(Dataset items)
Lemma pdiff_inf_sub f g : pdiff_inf f -> pdiff_inf g -> pdiff_inf (fun y => f y - g y).
Proof.
  intros Hf Hg. replace (fun y => f y - g y) with (fun y => f y + (-1) * g y)
    by (extensionality y; ring).
  apply pdiff_inf_add, pdiff_inf_mul; auto using pdiff_inf_const.
Qed.

Lemma pdiff_inf_sum (F : nat -> Pt -> R) N :
  (forall m, (m <= N)%nat -> pdiff_inf (F m)) ->
  pdiff_inf (fun y => sum_f_R0 (fun m => F m y) N).
Proof. intro H. induction N; simpl; auto using pdiff_inf_add. Qed.

Lemma pdiff_inf_of_smooth U : smooth n U -> pdiff_inf U.
Proof.
  intros H k. revert U H. induction k as [|k IH]; intros U H.
  - apply pdiff_intro. intros i y Hi. apply (proj2 (H nil (Forall_nil _))); auto.
  - split.
    + apply pdiff_intro. intros i y Hi. apply (proj2 (H nil (Forall_nil _))); auto.
    + intros i Hi. apply IH. intros l Hl.
      replace (iter_pd l (pd U i)) with (iter_pd (l ++ i :: nil) U)
        by (unfold iter_pd; rewrite fold_right_app; reflexivity).
      apply H, Forall_app; auto.
Qed.

Create HintDb pdiff.
#[local] Hint Resolve pdiff_inf_pdiff pdiff_inf_pd pdiff_inf_const pdiff_inf_coord
  pdiff_inf_add pdiff_inf_mul pdiff_inf_sub : pdiff.

Definition ip (f g : Pt -> R) : Pt -> R := fun y => dot n (grad n f y) (grad n g y).

Definition pdiff_infV (V : Pt -> Pt) : Prop :=
  forall k, (k <= n)%nat -> pdiff_inf (fun y => V y k).

Lemma pdiff_inf_grad f k : pdiff_inf f -> (k <= n)%nat -> pdiff_inf (fun y => grad n f y k).
Proof. intros Hf Hk. unfold grad. auto 6 using pdiff_inf_sum with pdiff. Qed.

Lemma pdiff_infV_grad f : pdiff_inf f -> pdiff_infV (grad n f).
Proof. intros Hf k Hk. apply pdiff_inf_grad; auto. Qed.

Lemma pdiff_infV_scal f V : pdiff_inf f -> pdiff_infV V -> pdiff_infV (fun y k => f y * V y k).
Proof. intros Hf HV k Hk. auto with pdiff. Qed.

Lemma pdiff_inf_ip f g : pdiff_inf f -> pdiff_inf g -> pdiff_inf (ip f g).
Proof.
  intros Hf Hg. unfold ip, dot. apply pdiff_inf_sum. intros k Hk.
  apply pdiff_inf_mul; apply pdiff_inf_grad; auto.
Qed.

Lemma pdiff_inf_div V : pdiff_infV V -> pdiff_inf (div n V).
Proof.
  intro HV. unfold div.
  apply pdiff_inf_sub; apply pdiff_inf_sum; intros i Hi; auto with pdiff.
  apply pdiff_inf_sum; intros j Hj; auto with pdiff.
Qed.

Lemma pdiff_inf_lap f : pdiff_inf f -> pdiff_inf (lap n f).
Proof. intro Hf. apply pdiff_inf_div, pdiff_infV_grad, Hf. Qed.

#[local] Hint Resolve pdiff_inf_grad pdiff_inf_ip pdiff_inf_lap pdiff_infV_grad
  pdiff_infV_scal : pdiff.

Lemma grad_add f g y k : pdiff_inf f -> pdiff_inf g -> (k <= n)%nat ->
  grad n (fun y => f y + g y) y k = grad n f y k + grad n g y k.
Proof.
  intros Hf Hg Hk. unfold grad. rewrite pd_add by auto with pdiff.
  rewrite (sum_eq _ (fun j => y j * pd f j y + y j * pd g j y)), plus_sum; [ring|].
  intros j Hj. rewrite pd_add by auto with pdiff. ring.
Qed.

Lemma grad_mul f g y k : pdiff_inf f -> pdiff_inf g -> (k <= n)%nat ->
  grad n (fun y => f y * g y) y k = f y * grad n g y k + g y * grad n f y k.
Proof.
  intros Hf Hg Hk. unfold grad. rewrite pd_mul by auto with pdiff.
  rewrite (sum_eq _ (fun j => g y * (y j * pd f j y) + f y * (y j * pd g j y))).
  - rewrite plus_sum, !sum_mul_l. ring.
  - intros j Hj. rewrite pd_mul by auto with pdiff. ring.
Qed.

Lemma grad_const c y k : grad n (fun _ => c) y k = 0.
Proof.
  unfold grad. rewrite pd_const, sum_eq_R0; [ring|].
  intros j _. rewrite pd_const. ring.
Qed.

Lemma grad_coord j y k : (j <= n)%nat ->
  grad n (fun y => y j) y k = (if Nat.eqb k j then 1 else 0) - y j * y k.
Proof.
  intro Hj. unfold grad. rewrite pd_coord, Nat.eqb_sym.
  rewrite (sum_eq _ (fun m => y m * (if Nat.eqb m j then 1 else 0))), sum_kronecker; auto.
  intros m _. rewrite pd_coord, Nat.eqb_sym. reflexivity.
Qed.

Lemma dot_sym a b : dot n a b = dot n b a.
Proof. unfold dot. apply sum_eq. intros; ring. Qed.

Lemma div_ext V W y : (forall z k, (k <= n)%nat -> V z k = W z k) -> div n V y = div n W y.
Proof.
  intro H. unfold div. f_equal; apply sum_eq; intros i Hi.
  - f_equal. extensionality z. auto.
  - apply sum_eq. intros j _. do 2 f_equal. extensionality z. auto.
Qed.

Lemma div_add V W y : pdiff_infV V -> pdiff_infV W ->
  div n (fun z i => V z i + W z i) y = div n V y + div n W y.
Proof.
  intros HV HW. unfold div.
  rewrite (sum_eq (fun i => pd (fun z => V z i + W z i) i y)
                  (fun i => pd (fun z => V z i) i y + pd (fun z => W z i) i y))
    by (intros; apply pd_add; auto with pdiff).
  rewrite (sum_eq (fun i => sum_f_R0 (fun j => y i * y j * pd (fun z => V z i + W z i) j y) n)
     (fun i => sum_f_R0 (fun j => y i * y j * pd (fun z => V z i) j y) n
             + sum_f_R0 (fun j => y i * y j * pd (fun z => W z i) j y) n)).
  - rewrite !plus_sum. ring.
  - intros i Hi. rewrite <- plus_sum. apply sum_eq. intros j Hj.
    rewrite pd_add by auto with pdiff. ring.
Qed.

Lemma div_mul f V y : pdiff_inf f -> pdiff_infV V ->
  div n (fun z i => f z * V z i) y = f y * div n V y + dot n (grad n f y) (V y).
Proof.
  intros Hf HV. unfold div, dot, grad.
  set (r := sum_f_R0 (fun j => y j * pd f j y) n).
  rewrite (sum_eq (fun i => pd (fun z => f z * V z i) i y)
                  (fun i => pd f i y * V y i + f y * pd (fun z => V z i) i y))
    by (intros; apply pd_mul; auto with pdiff).
  rewrite (sum_eq (fun i => sum_f_R0 (fun j => y i * y j * pd (fun z => f z * V z i) j y) n)
     (fun i => r * (y i * V y i) + f y * sum_f_R0 (fun j => y i * y j * pd (fun z => V z i) j y) n)).
  - rewrite (sum_eq (fun i => (pd f i y - r * y i) * V y i)
                    (fun i => pd f i y * V y i - r * (y i * V y i))) by (intros; ring).
    rewrite !plus_sum, !minus_sum, !sum_mul_l. ring.
  - intros i Hi.
    rewrite (sum_eq _ (fun j => (y i * V y i) * (y j * pd f j y)
                               + f y * (y i * y j * pd (fun z => V z i) j y))).
    + rewrite plus_sum, !sum_mul_l. unfold r. ring.
    + intros j Hj. rewrite pd_mul by auto with pdiff. ring.
Qed.

Lemma div_mul_grad f g y : pdiff_inf f -> pdiff_inf g ->
  div n (fun z i => f z * grad n g z i) y = f y * lap n g y + ip f g y.
Proof. intros Hf Hg. apply div_mul; auto with pdiff. Qed.

Lemma ip_sym f g : ip f g = ip g f.
Proof. extensionality y. apply dot_sym. Qed.

Lemma ip_const_l c g : ip (fun _ => c) g = fun _ => 0.
Proof.
  extensionality y. unfold ip, dot. apply sum_eq_R0. intros k _. rewrite grad_const. ring.
Qed.

Lemma ip_const_r c f : ip f (fun _ => c) = fun _ => 0.
Proof. rewrite ip_sym. apply ip_const_l. Qed.

Lemma ip_add_l f f' g : pdiff_inf f -> pdiff_inf f' ->
  ip (fun y => f y + f' y) g = fun y => ip f g y + ip f' g y.
Proof.
  intros Hf Hf'. extensionality y. unfold ip, dot. rewrite <- plus_sum.
  apply sum_eq. intros k Hk. rewrite grad_add by auto. ring.
Qed.

Lemma ip_add_r f g g' : pdiff_inf g -> pdiff_inf g' ->
  ip f (fun y => g y + g' y) = fun y => ip f g y + ip f g' y.
Proof. intros Hg Hg'. rewrite !(ip_sym f). apply ip_add_l; auto. Qed.

Lemma ip_mul_l f g h : pdiff_inf f -> pdiff_inf g ->
  ip (fun y => f y * g y) h = fun y => f y * ip g h y + g y * ip f h y.
Proof.
  intros Hf Hg. extensionality y. unfold ip, dot. rewrite <- !sum_mul_l, <- plus_sum.
  apply sum_eq. intros k Hk. rewrite grad_mul by auto. ring.
Qed.

Lemma ip_mul_r f g h : pdiff_inf g -> pdiff_inf h ->
  ip f (fun y => g y * h y) = fun y => g y * ip f h y + h y * ip f g y.
Proof. intros Hg Hh. rewrite !(ip_sym f). apply ip_mul_l; auto. Qed.

Lemma ip_sum_l (F : nat -> Pt -> R) N h :
  (forall m, (m <= N)%nat -> pdiff_inf (F m)) ->
  ip (fun y => sum_f_R0 (fun m => F m y) N) h = fun y => sum_f_R0 (fun m => ip (F m) h y) N.
Proof.
  intro HF. induction N as [|N IH]; [reflexivity|]. simpl.
  rewrite ip_add_l, IH; auto using pdiff_inf_sum.
Qed.

Lemma lap_const c : lap n (fun _ => c) = fun _ => 0.
Proof.
  extensionality y. unfold lap. rewrite (div_ext _ (fun z i => 0 * grad n (fun _ => c) z i)).
  - rewrite div_mul_grad by auto with pdiff. rewrite ip_const_l. ring.
  - intros z k _. rewrite grad_const. ring.
Qed.

Lemma lap_add f g : pdiff_inf f -> pdiff_inf g ->
  lap n (fun y => f y + g y) = fun y => lap n f y + lap n g y.
Proof.
  intros Hf Hg. extensionality y. unfold lap.
  rewrite (div_ext _ (fun z i => grad n f z i + grad n g z i)) by (intros; apply grad_add; auto).
  apply div_add; auto with pdiff.
Qed.

Lemma lap_mul f g : pdiff_inf f -> pdiff_inf g ->
  lap n (fun y => f y * g y) = fun y => f y * lap n g y + g y * lap n f y + 2 * ip f g y.
Proof.
  intros Hf Hg. extensionality y. unfold lap at 1.
  rewrite (div_ext _ (fun z i => f z * grad n g z i + g z * grad n f z i))
    by (intros; apply grad_mul; auto).
  rewrite div_add, !div_mul_grad by auto with pdiff.
  rewrite (ip_sym g f). ring.
Qed.

Lemma ip_sub_l f f' g : pdiff_inf f -> pdiff_inf f' ->
  ip (fun y => f y - f' y) g = fun y => ip f g y - ip f' g y.
Proof.
  intros Hf Hf'. replace (fun y => f y - f' y) with (fun y => f y + (-1) * f' y)
    by (extensionality y; ring).
  rewrite ip_add_l, ip_mul_l, ip_const_l by auto with pdiff.
  extensionality y. ring.
Qed.

Lemma lap_sub f g : pdiff_inf f -> pdiff_inf g ->
  lap n (fun y => f y - g y) = fun y => lap n f y - lap n g y.
Proof.
  intros Hf Hg. replace (fun y => f y - g y) with (fun y => f y + (-1) * g y)
    by (extensionality y; ring).
  rewrite lap_add, lap_mul, lap_const, ip_const_l by auto with pdiff.
  extensionality y. ring.
Qed.

Lemma lap_sum (F : nat -> Pt -> R) N :
  (forall m, (m <= N)%nat -> pdiff_inf (F m)) ->
  lap n (fun y => sum_f_R0 (fun m => F m y) N) = fun y => sum_f_R0 (fun m => lap n (F m) y) N.
Proof.
  intro HF. induction N as [|N IH]; [reflexivity|]. simpl.
  rewrite lap_add, IH; auto using pdiff_inf_sum.
Qed.

Definition c0 : R := (INR n - 4) / 16.
Definition d0 : R := (INR n - 1) / 4 * ((INR n - 4) / 4) ^ 2.
Definition e0 : R := INR n * (INR n - 1) / 8 * ((INR n - 4) / 4) ^ 3.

-- Description of the task --
Return exactly the lines above from the line that has "Lemma pdiff_infV_grad f" through the line that has "Lemma grad_coord j y k : (j <= n)%nat ->", inclusive, and nothing else.

-- Expected output --
Lemma pdiff_infV_grad f : pdiff_inf f -> pdiff_infV (grad n f).
Proof. intros Hf k Hk. apply pdiff_inf_grad; auto. Qed.

Lemma pdiff_infV_scal f V : pdiff_inf f -> pdiff_infV V -> pdiff_infV (fun y k => f y * V y k).
Proof. intros Hf HV k Hk. auto with pdiff. Qed.

Lemma pdiff_inf_ip f g : pdiff_inf f -> pdiff_inf g -> pdiff_inf (ip f g).
Proof.
  intros Hf Hg. unfold ip, dot. apply pdiff_inf_sum. intros k Hk.
  apply pdiff_inf_mul; apply pdiff_inf_grad; auto.
Qed.

Lemma pdiff_inf_div V : pdiff_infV V -> pdiff_inf (div n V).
Proof.
  intro HV. unfold div.
  apply pdiff_inf_sub; apply pdiff_inf_sum; intros i Hi; auto with pdiff.
  apply pdiff_inf_sum; intros j Hj; auto with pdiff.
Qed.

Lemma pdiff_inf_lap f : pdiff_inf f -> pdiff_inf (lap n f).
Proof. intro Hf. apply pdiff_inf_div, pdiff_infV_grad, Hf. Qed.

#[local] Hint Resolve pdiff_inf_grad pdiff_inf_ip pdiff_inf_lap pdiff_infV_grad
  pdiff_infV_scal : pdiff.

Lemma grad_add f g y k : pdiff_inf f -> pdiff_inf g -> (k <= n)%nat ->
  grad n (fun y => f y + g y) y k = grad n f y k + grad n g y k.
Proof.
  intros Hf Hg Hk. unfold grad. rewrite pd_add by auto with pdiff.
  rewrite (sum_eq _ (fun j => y j * pd f j y + y j * pd g j y)), plus_sum; [ring|].
  intros j Hj. rewrite pd_add by auto with pdiff. ring.
Qed.

Lemma grad_mul f g y k : pdiff_inf f -> pdiff_inf g -> (k <= n)%nat ->
  grad n (fun y => f y * g y) y k = f y * grad n g y k + g y * grad n f y k.
Proof.
  intros Hf Hg Hk. unfold grad. rewrite pd_mul by auto with pdiff.
  rewrite (sum_eq _ (fun j => g y * (y j * pd f j y) + f y * (y j * pd g j y))).
  - rewrite plus_sum, !sum_mul_l. ring.
  - intros j Hj. rewrite pd_mul by auto with pdiff. ring.
Qed.

Lemma grad_const c y k : grad n (fun _ => c) y k = 0.
Proof.
  unfold grad. rewrite pd_const, sum_eq_R0; [ring|].
  intros j _. rewrite pd_const. ring.
Qed.

Lemma grad_coord j y k : (j <= n)%nat ->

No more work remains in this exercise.